> Exercise description:
What you produce should match the records exactly, line for line.

:::

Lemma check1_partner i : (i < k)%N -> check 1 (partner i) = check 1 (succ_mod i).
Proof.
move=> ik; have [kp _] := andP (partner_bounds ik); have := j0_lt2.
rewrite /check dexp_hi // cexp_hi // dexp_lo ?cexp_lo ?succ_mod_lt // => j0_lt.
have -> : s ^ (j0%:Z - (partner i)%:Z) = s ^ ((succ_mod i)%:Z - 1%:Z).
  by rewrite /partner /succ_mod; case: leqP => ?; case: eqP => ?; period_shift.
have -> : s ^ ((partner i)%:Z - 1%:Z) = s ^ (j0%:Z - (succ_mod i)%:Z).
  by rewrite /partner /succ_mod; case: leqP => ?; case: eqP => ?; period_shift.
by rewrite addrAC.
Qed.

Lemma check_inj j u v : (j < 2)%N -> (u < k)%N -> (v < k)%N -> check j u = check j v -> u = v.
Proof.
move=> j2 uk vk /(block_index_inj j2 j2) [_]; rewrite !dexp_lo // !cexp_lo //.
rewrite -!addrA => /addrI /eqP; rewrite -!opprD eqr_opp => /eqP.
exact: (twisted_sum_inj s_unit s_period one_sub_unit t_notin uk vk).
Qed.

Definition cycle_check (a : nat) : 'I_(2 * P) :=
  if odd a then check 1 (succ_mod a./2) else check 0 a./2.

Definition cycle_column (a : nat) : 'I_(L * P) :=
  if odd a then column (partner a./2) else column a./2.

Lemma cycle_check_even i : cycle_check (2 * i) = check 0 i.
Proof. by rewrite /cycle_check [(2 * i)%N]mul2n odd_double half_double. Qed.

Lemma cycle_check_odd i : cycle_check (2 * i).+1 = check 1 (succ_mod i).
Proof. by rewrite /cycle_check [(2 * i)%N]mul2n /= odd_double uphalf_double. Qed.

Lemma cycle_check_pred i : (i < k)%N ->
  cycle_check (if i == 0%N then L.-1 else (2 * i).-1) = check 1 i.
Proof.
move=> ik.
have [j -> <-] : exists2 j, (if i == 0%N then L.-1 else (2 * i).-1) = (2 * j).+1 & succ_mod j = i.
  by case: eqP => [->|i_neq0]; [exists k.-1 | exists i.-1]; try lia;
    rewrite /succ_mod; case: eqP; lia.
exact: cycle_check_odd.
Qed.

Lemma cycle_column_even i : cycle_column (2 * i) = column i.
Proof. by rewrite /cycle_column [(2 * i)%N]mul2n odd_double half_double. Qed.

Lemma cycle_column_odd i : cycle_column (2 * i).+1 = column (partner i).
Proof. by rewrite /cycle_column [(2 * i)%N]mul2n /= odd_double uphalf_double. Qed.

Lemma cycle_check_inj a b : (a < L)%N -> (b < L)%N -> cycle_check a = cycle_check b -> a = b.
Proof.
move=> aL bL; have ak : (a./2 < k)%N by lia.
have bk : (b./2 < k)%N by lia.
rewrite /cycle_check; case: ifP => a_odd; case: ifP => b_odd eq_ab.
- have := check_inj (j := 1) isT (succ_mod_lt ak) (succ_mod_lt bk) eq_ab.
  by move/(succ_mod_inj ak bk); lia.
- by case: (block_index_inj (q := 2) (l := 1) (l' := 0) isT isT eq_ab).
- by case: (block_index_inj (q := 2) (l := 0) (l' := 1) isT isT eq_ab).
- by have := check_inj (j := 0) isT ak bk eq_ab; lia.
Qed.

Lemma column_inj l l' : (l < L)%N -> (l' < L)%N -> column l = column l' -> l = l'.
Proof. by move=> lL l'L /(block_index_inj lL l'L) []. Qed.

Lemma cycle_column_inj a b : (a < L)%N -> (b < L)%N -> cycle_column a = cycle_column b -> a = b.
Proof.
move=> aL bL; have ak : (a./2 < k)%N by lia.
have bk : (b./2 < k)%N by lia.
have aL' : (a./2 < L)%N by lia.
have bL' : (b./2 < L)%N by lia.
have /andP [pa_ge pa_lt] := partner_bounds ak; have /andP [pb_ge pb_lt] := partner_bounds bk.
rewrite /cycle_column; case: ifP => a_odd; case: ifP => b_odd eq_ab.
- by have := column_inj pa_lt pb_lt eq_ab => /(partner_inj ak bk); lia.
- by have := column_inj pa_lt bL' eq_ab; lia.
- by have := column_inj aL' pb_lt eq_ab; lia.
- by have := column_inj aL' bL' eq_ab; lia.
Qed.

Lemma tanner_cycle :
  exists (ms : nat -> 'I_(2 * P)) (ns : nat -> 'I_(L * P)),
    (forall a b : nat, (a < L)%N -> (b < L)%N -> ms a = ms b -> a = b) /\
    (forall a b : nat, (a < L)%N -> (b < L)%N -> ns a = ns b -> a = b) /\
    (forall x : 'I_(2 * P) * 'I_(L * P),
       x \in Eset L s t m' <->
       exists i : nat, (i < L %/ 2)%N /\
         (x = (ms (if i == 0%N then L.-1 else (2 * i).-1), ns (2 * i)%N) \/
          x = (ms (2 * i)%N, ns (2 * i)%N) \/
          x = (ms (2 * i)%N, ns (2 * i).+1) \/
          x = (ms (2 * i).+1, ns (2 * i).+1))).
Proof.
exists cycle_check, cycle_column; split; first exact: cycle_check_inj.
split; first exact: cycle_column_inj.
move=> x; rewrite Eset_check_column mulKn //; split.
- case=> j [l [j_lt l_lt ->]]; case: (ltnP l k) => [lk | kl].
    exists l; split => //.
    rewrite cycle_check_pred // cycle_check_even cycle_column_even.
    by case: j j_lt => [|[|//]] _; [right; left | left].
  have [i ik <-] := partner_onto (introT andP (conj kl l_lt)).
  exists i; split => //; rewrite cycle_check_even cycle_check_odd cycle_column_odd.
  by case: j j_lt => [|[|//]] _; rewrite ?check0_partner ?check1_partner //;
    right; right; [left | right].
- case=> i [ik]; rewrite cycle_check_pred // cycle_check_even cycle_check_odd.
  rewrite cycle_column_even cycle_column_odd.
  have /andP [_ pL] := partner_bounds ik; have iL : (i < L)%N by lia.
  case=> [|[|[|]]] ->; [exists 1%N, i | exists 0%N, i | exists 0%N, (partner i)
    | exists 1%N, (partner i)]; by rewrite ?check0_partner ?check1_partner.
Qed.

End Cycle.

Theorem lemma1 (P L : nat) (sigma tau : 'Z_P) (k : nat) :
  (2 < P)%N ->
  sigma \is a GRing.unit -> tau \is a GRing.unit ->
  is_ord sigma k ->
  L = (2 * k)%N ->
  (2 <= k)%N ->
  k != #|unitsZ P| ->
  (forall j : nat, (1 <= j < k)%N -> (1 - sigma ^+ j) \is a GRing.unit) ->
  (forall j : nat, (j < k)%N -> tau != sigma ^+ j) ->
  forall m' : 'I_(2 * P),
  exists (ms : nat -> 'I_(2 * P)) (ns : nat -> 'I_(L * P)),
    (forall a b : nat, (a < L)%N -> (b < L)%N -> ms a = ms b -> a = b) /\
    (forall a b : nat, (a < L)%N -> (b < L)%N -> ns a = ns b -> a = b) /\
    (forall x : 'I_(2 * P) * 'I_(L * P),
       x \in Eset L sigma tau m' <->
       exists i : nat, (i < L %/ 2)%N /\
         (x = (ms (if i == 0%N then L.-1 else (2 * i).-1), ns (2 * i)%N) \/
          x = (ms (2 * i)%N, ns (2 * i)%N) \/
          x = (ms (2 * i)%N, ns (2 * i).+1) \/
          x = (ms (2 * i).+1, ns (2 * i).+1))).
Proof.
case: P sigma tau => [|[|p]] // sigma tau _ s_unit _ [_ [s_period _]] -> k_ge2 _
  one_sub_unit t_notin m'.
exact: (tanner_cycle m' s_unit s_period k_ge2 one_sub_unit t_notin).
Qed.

:::

> Response:
Lemma check1_partner i : (i < k)%N -> check 1 (partner i) = check 1 (succ_mod i).
Proof.
move=> ik; have [kp _] := andP (partner_bounds ik); have := j0_lt2.
rewrite /check dexp_hi // cexp_hi // dexp_lo ?cexp_lo ?succ_mod_lt // => j0_lt.
have -> : s ^ (j0%:Z - (partner i)%:Z) = s ^ ((succ_mod i)%:Z - 1%:Z).
  by rewrite /partner /succ_mod; case: leqP => ?; case: eqP => ?; period_shift.
have -> : s ^ ((partner i)%:Z - 1%:Z) = s ^ (j0%:Z - (succ_mod i)%:Z).
  by rewrite /partner /succ_mod; case: leqP => ?; case: eqP => ?; period_shift.
by rewrite addrAC.
Qed.

Lemma check_inj j u v : (j < 2)%N -> (u < k)%N -> (v < k)%N -> check j u = check j v -> u = v.
Proof.
move=> j2 uk vk /(block_index_inj j2 j2) [_]; rewrite !dexp_lo // !cexp_lo //.
rewrite -!addrA => /addrI /eqP; rewrite -!opprD eqr_opp => /eqP.
exact: (twisted_sum_inj s_unit s_period one_sub_unit t_notin uk vk).
Qed.

Definition cycle_check (a : nat) : 'I_(2 * P) :=
  if odd a then check 1 (succ_mod a./2) else check 0 a./2.

Definition cycle_column (a : nat) : 'I_(L * P) :=
  if odd a then column (partner a./2) else column a./2.

Lemma cycle_check_even i : cycle_check (2 * i) = check 0 i.
Proof. by rewrite /cycle_check [(2 * i)%N]mul2n odd_double half_double. Qed.

Lemma cycle_check_odd i : cycle_check (2 * i).+1 = check 1 (succ_mod i).
Proof. by rewrite /cycle_check [(2 * i)%N]mul2n /= odd_double uphalf_double. Qed.

Lemma cycle_check_pred i : (i < k)%N ->
  cycle_check (if i == 0%N then L.-1 else (2 * i).-1) = check 1 i.
Proof.
move=> ik.
have [j -> <-] : exists2 j, (if i == 0%N then L.-1 else (2 * i).-1) = (2 * j).+1 & succ_mod j = i.
  by case: eqP => [->|i_neq0]; [exists k.-1 | exists i.-1]; try lia;
    rewrite /succ_mod; case: eqP; lia.
exact: cycle_check_odd.
Qed.

Lemma cycle_column_even i : cycle_column (2 * i) = column i.
Proof. by rewrite /cycle_column [(2 * i)%N]mul2n odd_double half_double. Qed.

Lemma cycle_column_odd i : cycle_column (2 * i).+1 = column (partner i).
Proof. by rewrite /cycle_column [(2 * i)%N]mul2n /= odd_double uphalf_double. Qed.

Lemma cycle_check_inj a b : (a < L)%N -> (b < L)%N -> cycle_check a = cycle_check b -> a = b.
Proof.
move=> aL bL; have ak : (a./2 < k)%N by lia.
have bk : (b./2 < k)%N by lia.
rewrite /cycle_check; case: ifP => a_odd; case: ifP => b_odd eq_ab.
- have := check_inj (j := 1) isT (succ_mod_lt ak) (succ_mod_lt bk) eq_ab.
  by move/(succ_mod_inj ak bk); lia.
- by case: (block_index_inj (q := 2) (l := 1) (l' := 0) isT isT eq_ab).
- by case: (block_index_inj (q := 2) (l := 0) (l' := 1) isT isT eq_ab).
- by have := check_inj (j := 0) isT ak bk eq_ab; lia.
Qed.

Lemma column_inj l l' : (l < L)%N -> (l' < L)%N -> column l = column l' -> l = l'.
Proof. by move=> lL l'L /(block_index_inj lL l'L) []. Qed.

Lemma cycle_column_inj a b : (a < L)%N -> (b < L)%N -> cycle_column a = cycle_column b -> a = b.
Proof.
move=> aL bL; have ak : (a./2 < k)%N by lia.
have bk : (b./2 < k)%N by lia.
have aL' : (a./2 < L)%N by lia.
have bL' : (b./2 < L)%N by lia.
have /andP [pa_ge pa_lt] := partner_bounds ak; have /andP [pb_ge pb_lt] := partner_bounds bk.
rewrite /cycle_column; case: ifP => a_odd; case: ifP => b_odd eq_ab.
- by have := column_inj pa_lt pb_lt eq_ab => /(partner_inj ak bk); lia.
- by have := column_inj pa_lt bL' eq_ab; lia.
- by have := column_inj aL' pb_lt eq_ab; lia.
- by have := column_inj aL' bL' eq_ab; lia.
Qed.

Lemma tanner_cycle :
  exists (ms : nat -> 'I_(2 * P)) (ns : nat -> 'I_(L * P)),
    (forall a b : nat, (a < L)%N -> (b < L)%N -> ms a = ms b -> a = b) /\
    (forall a b : nat, (a < L)%N -> (b < L)%N -> ns a = ns b -> a = b) /\
    (forall x : 'I_(2 * P) * 'I_(L * P),
       x \in Eset L s t m' <->
       exists i : nat, (i < L %/ 2)%N /\
         (x = (ms (if i == 0%N then L.-1 else (2 * i).-1), ns (2 * i)%N) \/
          x = (ms (2 * i)%N, ns (2 * i)%N) \/
          x = (ms (2 * i)%N, ns (2 * i).+1) \/
          x = (ms (2 * i).+1, ns (2 * i).+1))).
Proof.
exists cycle_check, cycle_column; split; first exact: cycle_check_inj.
split; first exact: cycle_column_inj.
move=> x; rewrite Eset_check_column mulKn //; split.
- case=> j [l [j_lt l_lt ->]]; case: (ltnP l k) => [lk | kl].
    exists l; split => //.
    rewrite cycle_check_pred // cycle_check_even cycle_column_even.
    by case: j j_lt => [|[|//]] _; [right; left | left].
  have [i ik <-] := partner_onto (introT andP (conj kl l_lt)).
  exists i; split => //; rewrite cycle_check_even cycle_check_odd cycle_column_odd.
  by case: j j_lt => [|[|//]] _; rewrite ?check0_partner ?check1_partner //;
    right; right; [left | right].
- case=> i [ik]; rewrite cycle_check_pred // cycle_check_even cycle_check_odd.
  rewrite cycle_column_even cycle_column_odd.
  have /andP [_ pL] := partner_bounds ik; have iL : (i < L)%N by lia.
  case=> [|[|[|]]] ->; [exists 1%N, i | exists 0%N, i | exists 0%N, (partner i)
    | exists 1%N, (partner i)]; by rewrite ?check0_partner ?check1_partner.
Qed.

End Cycle.

Theorem lemma1 (P L : nat) (sigma tau : 'Z_P) (k : nat) :
  (2 < P)%N ->
  sigma \is a GRing.unit -> tau \is a GRing.unit ->
  is_ord sigma k ->
  L = (2 * k)%N ->
  (2 <= k)%N ->
  k != #|unitsZ P| ->
  (forall j : nat, (1 <= j < k)%N -> (1 - sigma ^+ j) \is a GRing.unit) ->
  (forall j : nat, (j < k)%N -> tau != sigma ^+ j) ->
  forall m' : 'I_(2 * P),
  exists (ms : nat -> 'I_(2 * P)) (ns : nat -> 'I_(L * P)),
    (forall a b : nat, (a < L)%N -> (b < L)%N -> ms a = ms b -> a = b) /\
    (forall a b : nat, (a < L)%N -> (b < L)%N -> ns a = ns b -> a = b) /\
    (forall x : 'I_(2 * P) * 'I_(L * P),
       x \in Eset L sigma tau m' <->
       exists i : nat, (i < L %/ 2)%N /\
         (x = (ms (if i == 0%N then L.-1 else (2 * i).-1), ns (2 * i)%N) \/
          x = (ms (2 * i)%N, ns (2 * i)%N) \/
          x = (ms (2 * i)%N, ns (2 * i).+1) \/
          x = (ms (2 * i).+1, ns (2 * i).+1))).
Proof.
case: P sigma tau => [|[|p]] // sigma tau _ s_unit _ [_ [s_period _]] -> k_ge2 _
  one_sub_unit t_notin m'.
exact: (tanner_cycle m' s_unit s_period k_ge2 one_sub_unit t_notin).
Qed.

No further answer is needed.